From Casetext: Smarter Legal Research

Kemp ex rel. Kemp v. Colvin

United States Court of Appeals For the Eighth Circuit
Feb 25, 2014
743 F.3d 630 (8th Cir. 2014)

Summary

holding that, where the record does not reflect whether the vocational expert or ALJ even recognized a possible conflict between the ALJ's hypothetical and the DOT listing, the case should be remanded for further proceedings

Summary of this case from Burns v. Berryhill

Opinion

No. 13–1421.

2014-02-25

Vickie KEMP, on behalf of Charles KEMP, Plaintiff–Appellant v. Carolyn W. COLVIN, Acting Commissioner of Social Security Administration, Defendant–Appellee.

Eugene Gregory Wallace, argued, Raleigh, NC, (Anthony W. Bartels, Jonesboro, AR, on the brief), for Plaintiff–Appellant. Mark Joseph Mendola, Special AUSA, SSA Office of General Counsel, argued, Dallas, TX, for Defendant–Appellee.



Eugene Gregory Wallace, argued, Raleigh, NC, (Anthony W. Bartels, Jonesboro, AR, on the brief), for Plaintiff–Appellant. Mark Joseph Mendola, Special AUSA, SSA Office of General Counsel, argued, Dallas, TX, for Defendant–Appellee.
Before LOKEN, BYE, and BENTON, Circuit Judges.

BYE, Circuit Judge.

Charles Kemp (Charles) filed applications for disability insurance benefits and supplemental security income. An administrative law judge (ALJ) found that he was not disabled because he could perform a job a vocational expert (VE) identified in response to a hypothetical the ALJ posed. After the Appeals Council denied review, Kemp died. His surviving spouse, Vickie Kemp (Vickie), sought judicial review, and the district court affirmed the Commissioner's decision. The sole issue in this appeal is whether the VE's testimony as to what job Charles could perform, despite the physical limitations the ALJ described in his hypothetical, conflicted with the Dictionary of Occupational Titles (DOT), and thus whether the ALJ properly relied on the VE's testimony to find Charles not disabled. Because we are unable to discern from the record whether there is conflict between the occupational listing at issue—DOT # 737.687–026 (Check Weigher)—and the VE's response to the hypothetical, we remand the case for further proceedings.

I

The record before the ALJ relevant to Charles's physical limitations included consulting physician Sudesh Banaji's March 2009 report of a general physical examination. Among other abnormal examination findings, Dr. Banaji documented a decreased range of motion of both shoulders on forward elevation from a normal of 150 degrees to 120 degrees. Dr. Banaji's opinion as to Charles's limitations included moderate ones in carrying and handling objects. In a form dated March 2010, a medical consultant who reviewed the record found as to physical residual functional capacity—the most Charles could still do despite the physical limitations from his impairments, see20 C.F.R. §§ 404.1545(a)(1), 416.945(a)(1)—that Charles could perform light work, and could occasionally climb, balance, stoop, kneel, crouch, and crawl. He also checked a box reflecting limitations in “[r]eaching in all directions (including overhead),” and in describing how reaching was impaired, he wrote “OCC [occasional] overhead reaching.” His related comments were that Charles had a history of shoulder pain, and decreases in shoulder range of motion.

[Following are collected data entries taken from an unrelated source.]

(* The homomorphism $\mathcal{B}_{-1}:B_{2n+1}\to Sp(2n,\mathbb{R})$ lifts to a homomorphism $\widetilde{\mathcal{B}}_{-1}:B_{2n+1}\to\widetilde{Sp}(2n,\mathbb{R})$, i.e. there is a homomorphism $\widetilde{\mathcal{B}}_{-1}$ with $p\circ\widetilde{\mathcal{B}}_{-1}=\mathcal{B}_{-1}$, where $p:\widetilde{Sp}(2n,\mathbb{R})\to Sp(2n,\mathbb{R})$ is the universal covering map.
   Context: $B_{2n+1}$ is the braid group on $2n+1$ strands with standard generators $\sigma_1,\dots,\sigma_{2n}$. Let $\Sigma_n$ be the double cover of the disk branched at $2n+1$ points (a genus $n$ surface with one boundary component); $B_{2n+1}$ acts on $\Sigma_n$ with $\sigma_i$ lifting to a positive Dehn twist about a nonseparating simple closed curve $C_i$, the $C_i$ forming a chain. $\mathcal{B}_{-1}$ is the induced action on $H_1(\Sigma_n,\partial\Sigma_n;\mathbb{R})\cong\mathbb{R}^{2n}$, which preserves the intersection pairing $\omega$ (a symplectic form), so $\mathcal{B}_{-1}$ takes values in $Sp(2n,\mathbb{R})$ (this is the Burau representation at $-1$). Concretely, orienting the $C_i$ so that $\omega(C_i,C_j)=\delta_{i+1,j}-\delta_{i-1,j}$, $\mathcal{B}_{-1}(\sigma_i)(x)=x+\omega(C_i,x)C_i$. $\widetilde{Sp}(2n,\mathbb{R})$ is the universal cover, viewed as homotopy classes rel endpoints of paths in $Sp(2n,\mathbb{R})$ starting at the identity. *)

From HB Require Import structures.
From mathcomp Require Import all_boot all_order all_algebra.
From mathcomp Require Import all_classical all_reals all_analysis.
From mathcomp Require Import Rstruct Rstruct_topology.
Set Implicit Arguments. Unset Strict Implicit. Unset Printing Implicit Defensive.
Import Order.TTheory GRing.Theory Num.Theory.
Local Open Scope ring_scope.
Local Open Scope classical_set_scope.

Definition Rr : realType := Rdefinitions.R.

(* Gram matrix of the intersection form omega in the basis C_0,...,C_{m-1}
   (the chain curves; C_{i} here is the paper's C_{i+1}):
   omega(C_i, C_j) = delta_{i+1,j} - delta_{i-1,j}. *)
Definition omega_mx (m : nat) : 'M[Rr]_m :=
  \matrix_(i, j) ((j == i.+1 :> nat)%:R - (i == j.+1 :> nat)%:R).

Definition symplectic (m : nat) (M : 'M[Rr]_m) : Prop :=
  M^T *m omega_mx m *m M = omega_mx m.

(* B_{-1}(sigma_{i+1}) : x |-> x + omega(C_i, x) C_i, in coordinates. *)
Definition burau_m1 (m : nat) (i : 'I_m) : 'M[Rr]_m :=
  1%:M + delta_mx i i *m omega_mx m.

Definition sp_path (m : nat) (g : Rr -> 'M[Rr]_m) : Prop :=
  (forall i j, {within `[0%R, 1%R], continuous (fun t => g t i j)}) /\
  (forall t, t \in `[0%R, 1%R] -> symplectic (g t)) /\
  g 0 = 1%:M.

Definition sp_homotopic (m : nat) (g h : Rr -> 'M[Rr]_m) : Prop :=
  exists H : Rr -> Rr -> 'M[Rr]_m,
    (forall i j, {within `[0%R, 1%R] `*` `[0%R, 1%R],
                   continuous (fun p : Rr * Rr => H p.1 p.2 i j)}) /\
    (forall s t, s \in `[0%R, 1%R] -> t \in `[0%R, 1%R] -> symplectic (H s t)) /\
    (forall t, t \in `[0%R, 1%R] -> H 0 t = g t /\ H 1 t = h t) /\
    (forall s, s \in `[0%R, 1%R] -> H s 0 = 1%:M /\ H s 1 = g 1).

(* Group law of the universal cover (on representatives): pointwise product,
   which is homotopic rel endpoints to concatenation. *)
Definition path_mul (m : nat) (g h : Rr -> 'M[Rr]_m) : Rr -> 'M[Rr]_m :=
  fun t => g t *m h t.

Definition path_end (m : nat) (g : Rr -> 'M[Rr]_m) : 'M[Rr]_m := g 1.

(* Lift each generator sigma_k to the straight path of transvections
   t |-> (x |-> x + t omega(C_k, x) C_k) from the identity to B_{-1}(sigma_k).
   These matrices, and products of two of them, have the form 1 + D omega with
   D supported on two coordinates {i, j}; writing D = [[a, b], [c, d]] there,
   1 + D omega is symplectic as soon as b - c = omega(C_i, C_j) (ad - bc).
   For far-apart generators omega(C_i, C_j) = 0 and the two products agree
   pointwise.  For adjacent ones both sides of the braid relation are paths on
   the quadric b - c = ad - bc with the same endpoints, and an explicit
   polynomial homotopy on that quadric joins them. *)

From HB Require Import structures.
From mathcomp Require Import all_boot all_order all_algebra.
From mathcomp Require Import all_classical all_reals all_analysis.
From mathcomp Require Import Rstruct Rstruct_topology.
From mathcomp Require Import ring.
Import Order.TTheory GRing.Theory Num.Theory.
Import numFieldNormedType.Exports.
Set Implicit Arguments. Unset Strict Implicit. Unset Printing Implicit Defensive.
Local Open Scope ring_scope.

Section Shear.
Variables (R : comRingType) (m : nat) (W : 'M[R]_m).

Definition shearmx (D : 'M[R]_m) : 'M[R]_m := 1%:M + D *m W.

Lemma shearmxM D D' : shearmx D *m shearmx D' = shearmx (D + D' + D *m W *m D').
Proof.
rewrite /shearmx mulmxDl mul1mx mulmxDr mulmx1 !mulmxDl !addrA.
by rewrite !mulmxA [1%:M + D' *m W + _]addrAC.
Qed.

Lemma shearmx_form_invariant D : W^T = - W -> D - D^T = D^T *m W *m D ->
  (shearmx D)^T *m W *m shearmx D = W.
Proof.
move=> W_skew hD.
suff -> : (shearmx D)^T *m W *m shearmx D
          = W + W *m (D - D^T - D^T *m W *m D) *m W.
  by rewrite hD subrr mulmx0 mul0mx addr0.
rewrite /shearmx [(_ + _)^T]raddfD /= trmx1 trmx_mul W_skew.
rewrite !(mulmxDl, mulmxDr, mulmxN, mulNmx, mul1mx, mulmx1, mulmxA).
move: (W *m D *m W) (W *m D^T *m W) (W *m D^T *m W *m D *m W) => X Y Z.
by apply/matrixP => r s; rewrite !mxE; ring.
Qed.

Lemma mul_delta_mx_mid (k l k' l' : 'I_m) (A : 'M[R]_m) :
  delta_mx k l *m A *m delta_mx k' l' = A l k' *: delta_mx k l'.
Proof.
rewrite -(mul_delta_mx (0 : 'I_1) k l) -(mul_delta_mx (0 : 'I_1) k' l').
rewrite -!mulmxA (mulmxA (delta_mx 0 l)) -rowE (mulmxA (row l A)) -colE.
by rewrite [col _ _]mx11_scalar mulmxA mul_mx_scalar -scalemxAl mul_delta_mx !mxE.
Qed.

End Shear.

Section PairMatrix.
Variables (R : comRingType) (m : nat) (W : 'M[R]_m) (i j : 'I_m).

Definition pair_mx (a b c d : R) : 'M[R]_m :=
  a *: delta_mx i i + b *: delta_mx i j + c *: delta_mx j i + d *: delta_mx j j.

Lemma pair_mx_scale_l a : pair_mx a 0 0 0 = a *: delta_mx i i.
Proof. by rewrite /pair_mx !scale0r !addr0. Qed.

Lemma pair_mx_scale_r d : pair_mx 0 0 0 d = d *: delta_mx j j.
Proof. by rewrite /pair_mx !scale0r !add0r. Qed.

Lemma shearmx_pair0 : shearmx W (pair_mx 0 0 0 0) = 1%:M.
Proof. by rewrite /shearmx /pair_mx !scale0r !addr0 mul0mx addr0. Qed.

Lemma trmx_pair_mx a b c d : (pair_mx a b c d)^T = pair_mx a c b d.
Proof.
rewrite /pair_mx !raddfD /= !linearZ /= !trmx_delta.
by rewrite -!addrA; congr (_ + _); rewrite addrCA.
Qed.

Hypotheses (Wii : W i i = 0) (Wjj : W j j = 0) (Wji : W j i = - W i j).

Lemma pair_mx_mul_mid a b c d a' b' c' d' :
  pair_mx a b c d *m W *m pair_mx a' b' c' d' =
  W i j *: pair_mx (a * c' - b * a') (a * d' - b * b')
                   (c * c' - d * a') (c * d' - d * b').
Proof.
rewrite /pair_mx !(mulmxDl, mulmxDr) -!(scalemxAl, scalemxAr) !mul_delta_mx_mid.
rewrite Wii Wjj Wji.
move: (delta_mx i i) (delta_mx i j) (delta_mx j i) (delta_mx j j) => e1 e2 e3 e4.
by apply/matrixP => r s; rewrite !mxE; ring.
Qed.

Lemma shearmx_pairM a b c d a' b' c' d' :
  shearmx W (pair_mx a b c d) *m shearmx W (pair_mx a' b' c' d') =
  shearmx W (pair_mx (a + a' + W i j * (a * c' - b * a'))
                     (b + b' + W i j * (a * d' - b * b'))
                     (c + c' + W i j * (c * c' - d * a'))
                     (d + d' + W i j * (c * d' - d * b'))).
Proof.
rewrite shearmxM pair_mx_mul_mid; congr shearmx.
by apply/matrixP => r s; rewrite !mxE; ring.
Qed.

Lemma shearmx_pair_form_invariant a b c d : W^T = - W ->
  b - c = W i j * (a * d - b * c) ->
  (shearmx W (pair_mx a b c d))^T *m W *m shearmx W (pair_mx a b c d) = W.
Proof.
move=> W_skew habcd; apply: shearmx_form_invariant => //.
rewrite trmx_pair_mx pair_mx_mul_mid.
have had : W i j * (a * d) = b - c + W i j * (b * c) by rewrite habcd; ring.
by apply/matrixP => r s; rewrite !mxE; ring: had.
Qed.

End PairMatrix.

Section Continuity.
Variables (K : numFieldType) (T : topologicalType).

Lemma continuous_addf (f g : T -> K) :
  continuous f -> continuous g -> continuous (fun x => f x + g x).
Proof. by move=> cf cg x; exact: (@continuousD K K^o T f g x (cf x) (cg x)). Qed.

Lemma continuous_oppf (f : T -> K) : continuous f -> continuous (fun x => - f x).
Proof. by move=> cf x; exact: (@continuousN K K^o T f x (cf x)). Qed.

Lemma continuous_mulf (f g : T -> K) :
  continuous f -> continuous g -> continuous (fun x => f x * g x).
Proof. by move=> cf cg x; exact: (continuousM (cf x) (cg x)). Qed.

End Continuity.

Ltac solve_continuous := solve [
  repeat match goal with
  | cf : continuous ?f |- continuous ?f => exact: cf
  | |- continuous (fun x => - @?f x) => apply: continuous_oppf
  | |- continuous (fun x => @?f x + @?g x) => apply: continuous_addf
  | |- continuous (fun x => @?f x * @?g x) => apply: continuous_mulf
  | |- continuous fst => by move=> ?; apply: cvg_fst
  | |- continuous snd => by move=> ?; apply: cvg_snd
  | |- continuous (fun x => x.2) => by move=> ?; apply: cvg_snd
  | |- continuous (fun x => x) => by move=> ?; apply: cvg_id
  | |- continuous (fun _ => _) => exact: cst_continuous
  end ].

Lemma continuous_shearmx_pair (K : numFieldType) (T : topologicalType) m
    (W : 'M[K]_m) (i j : 'I_m) (a b c d : T -> K) :
  continuous a -> continuous b -> continuous c -> continuous d ->
  forall r s,
    continuous (fun x => shearmx W (pair_mx i j (a x) (b x) (c x) (d x)) r s).
Proof.
move=> ca cb cc cd r s.
have -> : (fun x => shearmx W (pair_mx i j (a x) (b x) (c x) (d x)) r s) =
          (fun x => (r == s)%:R + (a x * (delta_mx i i *m W) r s
            + b x * (delta_mx i j *m W) r s + c x * (delta_mx j i *m W) r s
            + d x * (delta_mx j j *m W) r s)).
  by apply: funext => x; rewrite /shearmx /pair_mx !mulmxDl -!scalemxAl !mxE.
solve_continuous.
Qed.

Section Omega.
Variable m : nat.
Local Notation Om := (omega_mx m).

Lemma omega_mx_diag (k : 'I_m) : Om k k = 0.
Proof. by rewrite mxE subrr. Qed.

Lemma omega_mx_swap (i j : 'I_m) : Om j i = - Om i j.
Proof. by rewrite !mxE opprB. Qed.

Lemma omega_mx_skew : Om^T = - Om.
Proof. by apply/matrixP => r s; rewrite [LHS]mxE [RHS]mxE omega_mx_swap. Qed.

Lemma omega_mx_succ (i j : 'I_m) : j = i.+1 :> nat -> Om i j = 1.
Proof. by move=> hij; rewrite mxE hij eqxx ltn_eqF // subr0. Qed.

Lemma omega_mx_far (i j : 'I_m) : (i.+1 < j)%N -> Om i j = 0.
Proof.
move=> hij; rewrite mxE gtn_eqF // ltn_eqF ?subrr //.
by rewrite ltnS ltnW // ltnW.
Qed.

End Omega.

Section PairHomotopy.
Variables (m : nat) (i j : 'I_m) (a b c d : Rr -> Rr -> Rr).
Local Notation Om := (omega_mx m).
Local Notation H s t :=
  (shearmx Om (pair_mx i j (a s t) (b s t) (c s t) (d s t))).

Hypotheses (ca : continuous (fun p : Rr * Rr => a p.1 p.2))
           (cb : continuous (fun p : Rr * Rr => b p.1 p.2))
           (cc : continuous (fun p : Rr * Rr => c p.1 p.2))
           (cd : continuous (fun p : Rr * Rr => d p.1 p.2)).
Hypothesis habcd :
  forall s t, b s t - c s t = Om i j * (a s t * d s t - b s t * c s t).

Lemma sp_homotopic_shearmx_pair (g h : Rr -> 'M[Rr]_m) :
  (forall t, H 0 t = g t /\ H 1 t = h t) ->
  (forall s, H s 0 = 1%:M /\ H s 1 = g 1) ->
  sp_homotopic g h.
Proof.
move=> ends_s ends_t; exists (fun s t => H s t); split; [|split; [|split]].
- move=> r u; apply: continuous_subspaceT.
  by apply: continuous_shearmx_pair.
- move=> s t _ _; exact: (shearmx_pair_form_invariant (omega_mx_diag i)
    (omega_mx_diag j) (omega_mx_swap i j) (omega_mx_skew m) (habcd s t)).
- by move=> t _; exact: ends_s.
- by move=> s _; exact: ends_t.
Qed.

End PairHomotopy.

Section BraidRelations.
Variable m : nat.
Local Notation Om := (omega_mx m).

Definition transvection_path (k : 'I_m) (t : Rr) : 'M[Rr]_m :=
  shearmx Om (t *: delta_mx k k).

Local Notation tau := transvection_path.

Lemma transvection_path_pair_l (i j : 'I_m) t :
  tau i t = shearmx Om (pair_mx i j t 0 0 0).
Proof. by rewrite pair_mx_scale_l. Qed.

Lemma transvection_path_pair_r (i j : 'I_m) t :
  tau j t = shearmx Om (pair_mx i j 0 0 0 t).
Proof. by rewrite pair_mx_scale_r. Qed.

Let shearmx_pairM_omega (i j : 'I_m) :=
  shearmx_pairM (omega_mx_diag i) (omega_mx_diag j) (omega_mx_swap i j).

Lemma transvection_path_sp_path k : sp_path (tau k).
Proof.
have tau_pair := transvection_path_pair_l k k.
split; [|split].
- move=> r s; apply: continuous_subspaceT.
  have -> : (fun t => tau k t r s) =
            (fun t => shearmx Om (pair_mx k k t 0 0 0) r s).
    by apply: funext => t; rewrite tau_pair.
  by apply: continuous_shearmx_pair; solve_continuous.
- move=> t _; rewrite /symplectic tau_pair.
  apply: (shearmx_pair_form_invariant (omega_mx_diag k) (omega_mx_diag k) _
                                      (omega_mx_skew m)).
  + by rewrite omega_mx_diag oppr0.
  + by rewrite omega_mx_diag mul0r subrr.
- by rewrite tau_pair; exact: shearmx_pair0.
Qed.

Lemma transvection_path_end k : path_end (tau k) = burau_m1 k.
Proof. by rewrite /path_end /transvection_path scale1r. Qed.

Lemma transvection_path_braid (i j : 'I_m) : j = i.+1 :> nat ->
  sp_homotopic (path_mul (path_mul (tau i) (tau j)) (tau i))
               (path_mul (path_mul (tau j) (tau i)) (tau j)).
Proof.
move=> hij; have Om_ij := omega_mx_succ hij.
have ABA t : path_mul (path_mul (tau i) (tau j)) (tau i) t =
             shearmx Om (pair_mx i j (t * (2 - t * t)) (t * t) (- (t * t)) t).
  rewrite /path_mul (transvection_path_pair_l i j) (transvection_path_pair_r i j).
  by rewrite !shearmx_pairM_omega Om_ij; f_equal; f_equal; ring.
have BAB t : path_mul (path_mul (tau j) (tau i)) (tau j) t =
             shearmx Om (pair_mx i j t (t * t) (- (t * t)) (t * (2 - t * t))).
  rewrite /path_mul (transvection_path_pair_l i j) (transvection_path_pair_r i j).
  by rewrite !shearmx_pairM_omega Om_ij; f_equal; f_equal; ring.
(* a and d interpolate linearly between the two sides, c = -t^2 is common to
   both, and b solves b (1 + c) = a d + c, i.e. b - c = a d - b c. *)
apply: (@sp_homotopic_shearmx_pair _ i j
  (fun s t => t * (1 + (1 - s) * (1 - t * t)))
  (fun s t => t * t * (1 + s * (1 - s) * (1 - t * t)))
  (fun s t => - (t * t))
  (fun s t => t * (1 + s * (1 - t * t)))); [solve_continuous.. | | |].
- by move=> s t; rewrite Om_ij; ring.
- by move=> t; rewrite ABA BAB; split; f_equal; f_equal; ring.
- move=> s; rewrite ABA; split; last by f_equal; f_equal; ring.
  by rewrite -[RHS](shearmx_pair0 Om i j); f_equal; f_equal; ring.
Qed.

Lemma transvection_path_commute (i j : 'I_m) : (i.+1 < j)%N ->
  sp_homotopic (path_mul (tau i) (tau j)) (path_mul (tau j) (tau i)).
Proof.
move=> hij; have Om_ij := omega_mx_far hij.
have AB t : path_mul (tau i) (tau j) t = shearmx Om (pair_mx i j t 0 0 t).
  rewrite /path_mul (transvection_path_pair_l i j) (transvection_path_pair_r i j).
  by rewrite shearmx_pairM_omega Om_ij; f_equal; f_equal; ring.
have BA t : path_mul (tau j) (tau i) t = shearmx Om (pair_mx i j t 0 0 t).
  rewrite /path_mul (transvection_path_pair_l i j) (transvection_path_pair_r i j).
  by rewrite shearmx_pairM_omega Om_ij; f_equal; f_equal; ring.
apply: (@sp_homotopic_shearmx_pair _ i j (fun _ t => t) (fun _ _ => 0)
  (fun _ _ => 0) (fun _ t => t)); [solve_continuous.. | | |].
- by move=> s t; rewrite Om_ij subrr mul0r.
- by move=> t; rewrite AB BA.
- by move=> s; rewrite AB; split=> //; exact: shearmx_pair0.
Qed.

End BraidRelations.

Theorem lemma3p3 (n : nat) :
  exists gam : 'I_(2 * n) -> (Rr -> 'M[Rr]_(2 * n)),
    (forall i, sp_path (gam i) /\ path_end (gam i) = burau_m1 i) /\
    (forall i j : 'I_(2 * n), (j : nat) = i.+1 ->
       sp_homotopic (path_mul (path_mul (gam i) (gam j)) (gam i))
                    (path_mul (path_mul (gam j) (gam i)) (gam j))) /\
    (forall i j : 'I_(2 * n), (i.+1 < j)%N ->
       sp_homotopic (path_mul (gam i) (gam j)) (path_mul (gam j) (gam i))).
Proof.
exists (@transvection_path (2 * n)); split; [|split].
- move=> k; split; first exact: transvection_path_sp_path.
  exact: transvection_path_end.
- exact: transvection_path_braid.
- exact: transvection_path_commute.
Qed.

Before the VE testified at the June 2010 administrative hearing, the ALJ directed that the testimony was to be consistent with information contained in the DOT, and its companion publication, the Selected Characteristics of Occupations (SCO); and that if there was an “apparent unresolved conflict” between the VE's testimony and these sources, the VE was to explain it and give the source for his explanation. In a hypothetical, the ALJ described a claimant of Charles's age, education, and work experience who could engage in sedentary work; could occasionally climb, balance, stoop, bend, crouch, kneel, and crawl; and could occasionally reach overhead with each upper extremity. Due to a diagnosis of anxiety and depression by a consulting psychologist, the ALJ included other restrictions that essentially limited Kemp to unskilled work. The VE responded that the hypothetical claimant could not engage in Charles's past relevant work—mostly truck driving, which was unskilled medium work—but he could work as a check weigher, which the VE identified as DOT listing # 737.687–026, adding that this job was available in substantial numbers regionally and nationally.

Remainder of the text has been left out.